* [TASK GOAL]:
Copy every line of the data that includes the string "first".

* [DATA FOR PROCESSING]:
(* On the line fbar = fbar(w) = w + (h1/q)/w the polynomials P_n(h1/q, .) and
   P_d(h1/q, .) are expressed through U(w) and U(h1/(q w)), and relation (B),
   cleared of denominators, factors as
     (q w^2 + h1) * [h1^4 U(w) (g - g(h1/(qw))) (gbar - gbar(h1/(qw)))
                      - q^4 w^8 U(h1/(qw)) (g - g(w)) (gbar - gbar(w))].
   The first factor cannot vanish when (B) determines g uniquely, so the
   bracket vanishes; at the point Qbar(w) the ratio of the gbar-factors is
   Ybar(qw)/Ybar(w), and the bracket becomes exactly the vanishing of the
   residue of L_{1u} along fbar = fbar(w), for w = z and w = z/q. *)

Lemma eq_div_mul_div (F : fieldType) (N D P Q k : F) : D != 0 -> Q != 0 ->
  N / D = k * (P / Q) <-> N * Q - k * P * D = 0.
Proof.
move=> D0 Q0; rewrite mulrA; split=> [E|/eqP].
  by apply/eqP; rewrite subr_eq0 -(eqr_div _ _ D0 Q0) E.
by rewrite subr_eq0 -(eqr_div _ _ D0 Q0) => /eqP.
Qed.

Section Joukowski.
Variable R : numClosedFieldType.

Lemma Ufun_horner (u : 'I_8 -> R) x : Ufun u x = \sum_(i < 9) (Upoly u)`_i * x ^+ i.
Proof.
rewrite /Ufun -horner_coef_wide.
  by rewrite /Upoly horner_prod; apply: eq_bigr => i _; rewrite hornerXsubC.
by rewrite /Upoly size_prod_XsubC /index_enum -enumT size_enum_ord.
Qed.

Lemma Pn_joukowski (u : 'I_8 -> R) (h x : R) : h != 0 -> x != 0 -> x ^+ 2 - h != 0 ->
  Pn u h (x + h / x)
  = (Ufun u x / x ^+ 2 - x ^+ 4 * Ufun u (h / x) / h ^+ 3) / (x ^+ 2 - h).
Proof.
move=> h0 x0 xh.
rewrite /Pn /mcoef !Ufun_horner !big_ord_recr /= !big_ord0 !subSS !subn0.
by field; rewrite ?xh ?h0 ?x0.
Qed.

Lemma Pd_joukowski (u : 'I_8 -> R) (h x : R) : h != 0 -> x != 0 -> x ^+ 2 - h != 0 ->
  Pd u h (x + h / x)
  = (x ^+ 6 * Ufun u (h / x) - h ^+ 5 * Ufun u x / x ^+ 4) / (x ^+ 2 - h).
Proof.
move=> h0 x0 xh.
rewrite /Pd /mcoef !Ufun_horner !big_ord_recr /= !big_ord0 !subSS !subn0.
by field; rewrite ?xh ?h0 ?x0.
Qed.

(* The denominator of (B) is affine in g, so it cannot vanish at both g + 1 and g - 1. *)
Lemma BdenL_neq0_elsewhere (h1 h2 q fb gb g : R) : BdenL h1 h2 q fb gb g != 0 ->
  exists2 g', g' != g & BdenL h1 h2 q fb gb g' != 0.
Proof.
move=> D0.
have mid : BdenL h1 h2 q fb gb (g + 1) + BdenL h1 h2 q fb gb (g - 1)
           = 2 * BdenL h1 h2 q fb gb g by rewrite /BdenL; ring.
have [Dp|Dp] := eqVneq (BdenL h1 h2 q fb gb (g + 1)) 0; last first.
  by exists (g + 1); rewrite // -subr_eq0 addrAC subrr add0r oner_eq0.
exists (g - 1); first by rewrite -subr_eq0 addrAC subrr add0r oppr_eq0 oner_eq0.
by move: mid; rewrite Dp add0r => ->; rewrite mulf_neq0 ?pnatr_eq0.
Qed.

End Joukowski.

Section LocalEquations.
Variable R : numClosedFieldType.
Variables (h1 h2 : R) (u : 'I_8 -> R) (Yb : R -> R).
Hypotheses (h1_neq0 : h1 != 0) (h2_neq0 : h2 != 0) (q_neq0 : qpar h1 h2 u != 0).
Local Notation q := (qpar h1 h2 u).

* [SOLUTION TO THIS PROBLEM]:
   The first factor cannot vanish when (B) determines g uniquely, so the
have [Dp|Dp] := eqVneq (BdenL h1 h2 q fb gb (g + 1)) 0; last first.
exists (g - 1); first by rewrite -subr_eq0 addrAC subrr add0r oppr_eq0 oner_eq0.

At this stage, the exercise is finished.